No Suzy, Ortis or Jon

:-(


----------



## huddo (May 29, 2006)

MOB said:


> No Suzy, Ortis or Jon
> 
> :-(


you're joking


----------



## Derekh929 (Aug 28, 2011)

Suzy will be a big miss


----------



## rob3rto (May 23, 2007)

huddo said:


> you're joking


Yeah, was surprised they got rid of them.
Wonder why?


----------



## LeadFarmer (Feb 23, 2011)

I could look at Polly all day but shes a hopeless presenter. Ortis was appalling as well, didnt he get the sack from presenting a sports event earlier in the year for being truely awful? 

Suzi & Jason should be the main two presenters, with others coming and going as they please. Just like Gail Porter. Thankfully she wasnt there long!


----------



## Ross (Apr 25, 2007)

Polly is lovely but she's no Suzy,those legs:argie:


----------



## Keir (Aug 31, 2010)

It's really went down hill, or did the last two series.

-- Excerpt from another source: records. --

(* Retrace with target p is affine with a positive linear part: with C the
   one-step operator weighted by the traces c = min(1, p / mu), and cut the one
   weighted by the untraced target mass p - mu c >= 0, every Q satisfies
   R Q = r + gamma cut Q + gamma C (R Q).  Hence |R Q - R Q'| <= |Q - Q'|_oo rho
   with rho = R 1 - R 0 the solution of rho = gamma (1 - C 1) + gamma C rho, and the
   contraction rate is exactly sup rho.  Moving the target from pi towards mu can
   only enlarge the traces, which lowers rho by the maximum principle for gamma C;
   the decrease is strict at every (x, a) from which the behaviour trajectory
   reaches a state where pi and mu differ.  Finally a fixed point of alpha-Retrace
   is the action-value function of alpha pi + (1 - alpha) mu, which lies within
   O(1 - alpha) of Q^pi, so for alpha close to 1 it keeps the strict greedy actions
   of Q^pi. *)

From mathcomp Require Import all_boot all_order all_algebra.
From mathcomp Require Import all_classical all_reals all_analysis.
From mathcomp Require Import ring lra.
Import Order.TTheory GRing.Theory Num.Theory.
Import numFieldNormedType.Exports.
Local Open Scope ring_scope.
Local Open Scope classical_set_scope.
Set Implicit Arguments. Unset Strict Implicit.

Lemma psumr_gt0 (R : numDomainType) (I : finType) (F : I -> R) i :
  (forall j, 0 <= F j) -> 0 < F i -> 0 < \sum_j F j.
Proof.
move=> F0 Fi; rewrite lt0r psumr_neq0 ?sumr_ge0 ?andbT //.
by apply/hasP; exists i; rewrite ?mem_index_enum.
Qed.

Lemma sumr_gt0_ex (R : realDomainType) (I : finType) (F : I -> R) :
  0 < \sum_j F j -> exists j, 0 < F j.
Proof.
apply: contraPP => /forallNP F0; apply/negP; rewrite -leNgt; apply: sumr_le0 => j _.
by rewrite leNgt; apply/negP/F0.
Qed.

Lemma sum_eq_exists_lt (R : realDomainType) (I : finType) (f g : I -> R) :
  \sum_i f i = \sum_i g i -> (exists i, f i <> g i) -> exists i, f i < g i.
Proof.
move=> sum_fg [i fgi]; have [//|/forallNP fg] := pselect (exists i, f i < g i).
exfalso; apply: fgi.
have ge0 j : 0 <= f j - g j by rewrite subr_ge0 leNgt; apply/negP/fg.
have sum0 : \sum_j (f j - g j) = 0 by rewrite sumrB sum_fg subrr.
by apply/eqP; rewrite -subr_eq0; apply/eqP/(psumr_eq0P (fun j _ => ge0 j) sum0).
Qed.

Lemma small_weight (R : realFieldType) (K eps : R) : 0 <= K -> 0 < eps ->
  exists2 t, 0 < t < 1 & t * K < eps.
Proof.
move=> K0 eps0; have KE : 0 < 2 * (K + eps) by rewrite mulr_gt0 ?ltr_wpDl.
exists (eps / (2 * (K + eps))).
  by rewrite divr_gt0 //= ltr_pdivrMr // mul1r; lra.
rewrite mulrAC ltr_pdivrMr //; nra.
Qed.

Section SupNorm.
Variables (R : realType) (X A : finType).
Implicit Types f g : X -> A -> R.

Lemma supnorm_ge f x a : `|f x a| <= supnorm f.
Proof. exact: (le_bigmax _ (fun p : X * A => `|f p.1 p.2|) (x, a)). Qed.

Lemma supnorm_ge0 f : 0 <= supnorm f.
Proof. exact: bigmax_ge_id. Qed.

Lemma supnorm_le f m : 0 <= m -> (forall x a, `|f x a| <= m) -> supnorm f <= m.
Proof. by move=> m0 fm; apply: bigmax_le => // [[x a]] _; exact: fm. Qed.

Lemma supnorm_lt (x0 : X) (a0 : A) f g : (forall x a, 0 <= f x a) ->
  (forall x a, f x a < g x a) -> supnorm f < supnorm g.
Proof.
move=> f0 fg; rewrite /supnorm; have [[x a] _ ->] := @eq_bigmax _ _ _ 0 (x0, a0) xpredT
   (fun p : X * A => `|f p.1 p.2|) erefl (fun _ _ => normr_ge0 _).
rewrite /= ger0_norm //; apply: lt_le_trans (fg x a) _.
exact: le_trans (ler_norm _) (supnorm_ge g x a).
Qed.

Lemma supnorm_cst1 (x0 : X) (a0 : A) : supnorm (fun (_ : X) (_ : A) => 1 : R) = 1.
Proof.
apply/le_anti/andP; split; first by apply: supnorm_le => // x a; rewrite normr1.
by have := supnorm_ge (fun _ _ => 1) x0 a0; rewrite normr1.
Qed.

End SupNorm.

Definition discounted_series (R : realType) (X A : finType)
  (C : (X -> A -> R) -> X -> A -> R) (g : R) (v : X -> A -> R) : X -> A -> R :=
  fun x a => rseries (fun t => g ^+ t * iter t C v x a).

Section StepLinear.
Variables (R : realType) (X A : finType) (P : X -> A -> X -> R) (nu w : X -> A -> R).
Local Notation C := (step P nu w).

Lemma stepD f g x a : C (fun y b => f y b + g y b) x a = C f x a + C g x a.
Proof.
rewrite /step -big_split; apply: eq_bigr => y _ /=; rewrite -mulrDr -big_split /=.
by congr (_ * _); apply: eq_bigr => b _; rewrite !mulrDr.
Qed.

Lemma stepB f g x a : C (fun y b => f y b - g y b) x a = C f x a - C g x a.
Proof.
rewrite /step -sumrB; apply: eq_bigr => y _; rewrite -mulrBr -sumrB.
by congr (_ * _); apply: eq_bigr => b _; rewrite !mulrBr.
Qed.

Lemma stepZ k f x a : C (fun y b => k * f y b) x a = k * C f x a.
Proof.
rewrite /step mulr_sumr; apply: eq_bigr => y _; rewrite [RHS]mulrCA [in RHS]mulr_sumr.
by congr (_ * _); apply: eq_bigr => b _; ring.
Qed.

Lemma stepN f x a : C (fun y b => - f y b) x a = - C f x a.
Proof.
by rewrite -mulN1r -stepZ; congr step; apply/funext=> y; apply/funext=> b; rewrite mulN1r.
Qed.

Lemma step_cst k x a : C (fun _ _ => k) x a = k * C (fun _ _ => 1) x a.
Proof. by rewrite -stepZ; congr step; apply/funext=> y; apply/funext=> b; rewrite mulr1. Qed.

This one better be good.


----------



## Natalie (Jan 19, 2011)

MOB said:


> No Suzy, Ortis or Jon
> 
> :-(


Didn't realise they'd been dropped  Not the same without them.
(Sky+ed so just watching it now)


----------



## iPlod999 (Jun 23, 2012)

I always record it now and fast forward through the rubbish bits. Silly priced items that normal people can't afford. 

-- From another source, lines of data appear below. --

Lemma marked_env_upd us f x j : marked_env us (upd f x j) = upd (marked_env us f) x (mark us j).
Proof. by apply: functional_extensionality => y; rewrite /marked_env /upd; case: (y == x). Qed.

Lemma infix_interleave us bs i j : size us = (size bs).+1 -> i < j -> j <= size us ->
  infix_word (interleave us bs) (mark us i) (mark us j) =
  interleave (drop i (take j us)) (drop i (take j.-1 bs)).
Proof.
move=> szus lt_ij le_j; rewrite /infix_word take_interleave //; last by lia.
have -> : mark us i = mark (take j us) i by rewrite /mark take_takel // ltnW.
by apply: drop_interleave; rewrite !size_takel //; lia.
Qed.

Definition split_env f x i := fun y => if y == x then i.+1 else bump i.+1 (f y).

Lemma marked_env_split us f x i u1 c u2 : i < size us -> nth [::] us i = u1 ++ c :: u2 ->
  marked_env (split_nth i us u1 u2) (split_env f x i) =
  upd (marked_env us f) x (mark us i + (size u1).+1).
Proof.
move=> lt_i eq_ui; apply: functional_extensionality => y; rewrite /marked_env /upd /split_env.
by case: (y == x); [exact: mark_split_nth eq_ui | exact: mark_split_nth_bump eq_ui].
Qed.

Lemma sat_FEx_marked us bs f x g : size us = (size bs).+1 ->
  sat (interleave us bs) (marked_env us f) (FEx x g) <->
  (exists2 j, j < (size us).+1 & sat (interleave us bs) (marked_env us (upd f x j)) g) \/
  (exists2 i, i < size us & exists c u1 u2, nth [::] us i = u1 ++ c :: u2 /\
     sat (interleave (split_nth i us u1 u2) (take i bs ++ c :: drop i bs))
         (marked_env (split_nth i us u1 u2) (split_env f x i)) g).
Proof.
move=> szus; rewrite /= -(mark_size szus); split.
  case=> p [/mark_cases [[j le_j ->]|[i [u1 [c [u2 [lt_i eq_ui ->]]]]]] Hg].
    by left; exists j; rewrite ?marked_env_upd.
  right; exists i => //; exists c, u1, u2; split=> //.
  by rewrite (interleave_split_nth szus lt_i eq_ui) (marked_env_split f x lt_i eq_ui).
case=> [[j lt_j Hg]|[i lt_i [c [u1 [u2 [eq_ui Hg]]]]]].
  by exists (mark us j); rewrite leq_mark // -marked_env_upd.
exists (mark us i + (size u1).+1); split.
  apply: (@leq_trans (mark us i.+1)); last by rewrite leq_mark.
  by rewrite markS // eq_ui size_cat /=; lia.
by rewrite -(marked_env_split f x lt_i eq_ui) -(interleave_split_nth szus lt_i eq_ui).
Qed.

End MarkedWords.

Section DefinableIsSF.
Variable A : finType.
Variable C : lang A -> Prop.
Hypothesis prevC : prevariety C.

Lemma SF_full : SF C (@lang_full A).
Proof. by case: prevC => [_ [_ [C_full _]]]; constructor. Qed.

Lemma SF_merge L1 L2 c :
  SF C L1 -> SF C L2 -> SF C (lang_concat L1 (lang_concat (lang_letter c) L2)).
Proof. by move=> SF1 SF2; do 2 constructor=> //; constructor. Qed.

Definition sat_decomposable (phi : formula A) := forall m f bs, size bs = m ->
  decomposable (SF C) m.+1 (fun us => sat (interleave us bs) (marked_env us f) phi).

Lemma sat_decomposable_FEq t1 t2 : sat_decomposable (FEq A t1 t2).
Proof.
move=> m f bs szbs.
apply: decomposable_ext (decomposable_const SF_full _ (term_mark m f t1 = term_mark m f t2)).
move=> us szus; rewrite -szbs in szus; rewrite /= !tval_marked // szbs.
have le_mark t : term_mark m f t <= size us by rewrite szus szbs term_mark_le.
by split=> [->|/(mark_inj (le_mark t1) (le_mark t2))].
Qed.

Lemma sat_decomposable_FLabel a t : sat_decomposable (FLabel a t).
Proof.
move=> m f bs szbs; set j := term_mark m f t.
apply: decomposable_ext (decomposable_const SF_full _ ((0 < j <= m) /\ nth a bs j.-1 = a)).
move=> us szus; rewrite -szbs in szus; rewrite /= tval_marked // szbs -/j.
have le_j : j <= size us by rewrite szus szbs term_mark_le.
have -> : (0 < mark us j) = (0 < j) by rewrite -{1}(mark0 us) ltn_mark.
have -> : (mark us j <= size (interleave us bs)) = (j <= m).
  by rewrite -ltnS -(mark_size szus) ltn_mark // szus szbs ltnS.
split=> -[/andP[j_gt0 le_jm] Hnth]; split; rewrite ?j_gt0 ?le_jm //.
  by rewrite nth_interleave // szbs.
by rewrite -(nth_interleave a szus) // szbs.
Qed.

Lemma sat_decomposable_FInf L t1 t2 : C L -> sat_decomposable (FInf L t1 t2).
Proof.
move=> CL m f bs szbs; set i := term_mark m f t1; set j := term_mark m f t2.
have le_i : i <= m.+1 := term_mark_le m f t1.
have le_j : j <= m.+1 := term_mark_le m f t2.
have sat_inf us : size us = m.+1 ->
    sat (interleave us bs) (marked_env us f) (FInf L t1 t2) <->
    i < j /\ L (infix_word (interleave us bs) (mark us i) (mark us j)).
  by move=> szus; rewrite /= !tval_marked ?szus ?szbs // ltn_mark ?szus.
have [lt_ij|le_ji] := ltnP i j; last first.
  apply: decomposable_ext (decomposable_false _ _) => us /sat_inf->.
  by split=> // -[lt_ij]; rewrite ltnNge le_ji in lt_ij.
pose cs := drop i (take j.-1 bs).
have dec_L : decomposable (SF C) (j - i) (fun vs => L (interleave vs cs)).
  have szcs : (size cs).+1 = j - i by rewrite size_drop size_takel; lia.
  rewrite -szcs; apply: decomposable_mono (decomposable_interleave prevC cs CL).
  exact: SF_base.
have := decomposable_slice SF_full (M := m.+1) (i := i) _ dec_L.
rewrite subnKC ?(ltnW lt_ij) // => /(_ le_j); apply: decomposable_ext => us szus.
by rewrite sat_inf // infix_interleave ?szus ?szbs //; tauto.
Qed.

Lemma sat_decomposable_FEx x g : sat_decomposable g -> sat_decomposable (FEx x g).
Proof.
move=> dec_g m f bs szbs.
apply: (@decomposable_ext _ _ _ (fun us =>
  (exists2 j, j < m.+2 & sat (interleave us bs) (marked_env us (upd f x j)) g) \/
  (exists2 i, i < m.+1 & exists c u1 u2, nth [::] us i = u1 ++ c :: u2 /\
     sat (interleave (split_nth i us u1 u2) (take i bs ++ c :: drop i bs))
         (marked_env (split_nth i us u1 u2) (split_env f x i)) g))).
  by move=> us szus; rewrite sat_FEx_marked szus ?szbs.
apply: decomposable_or; first by apply: decomposable_exists_ltn => j _; exact: dec_g.
apply: decomposable_exists_ltn => i lt_i; apply: decomposable_exists_fin => c.
apply: (decomposable_split SF_full SF_merge c
  (S := fun vs => sat (interleave vs (take i bs ++ c :: drop i bs))
                      (marked_env vs (split_env f x i)) g)); first by lia.
by apply: dec_g; rewrite size_cat /= size_drop size_takel; lia.
Qed.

It has gone down hill big time.


----------



## HeavenlyDetail (Sep 22, 2006)

Dont forget the Gadget show christmas special at excel in London and NEC at beginning of december. its not expensive at about £12 a ticket and worth going now ive seen the exhibitor list.


----------



## LeadFarmer (Feb 23, 2011)

iPlod999 said:


> I always record it now and fast forward through the rubbish bits.


This ^^^.

Been doing it for the last 2 series. There's some good bits, but an awful lot of crap thrown in as well!


----------



## PWOOD (Apr 30, 2007)

The last two years of stupid challenges ruined it. No John Bentley or Suzi has killed it. Ill still record it and ffwd 3/4 of each show to the odd bit I care to watch. BBC Click (news 24) is a better TECH show which is not on BBC1 2 3 for some reason so hardly anyone knows about it


----------



## minimadgriff (Jul 8, 2007)

I too much preferred the old format but it is still a good watch.


----------



## Derekh929 (Aug 28, 2011)

Was disappointed with new show i think it will crash and burn


----------



## iPlod999 (Jun 23, 2012)

Just watched on V+. Only wasted 10 minutes of my life. 

Crap as usual!!


----------



## Junior Bear (Sep 2, 2008)

I'm preferring Steven frys gadget man at the moment


The wine bottle opener thing was crazy !


----------



## tmitch45 (Jul 29, 2006)

TBH I wouldn't watch if it wasn't for Pollyanna and the fact that I can fast forward through the rubbish!


----------



## uruk hai (Apr 5, 2009)

Not as good as it use to be


----------



## ShiningScotsman (Jun 20, 2012)

thought it was balls - wont be going out my way to watch it again - they give everything a safe rating as well.

Slag apples products off then give it the same rating as the product they liked........cowards lol


----------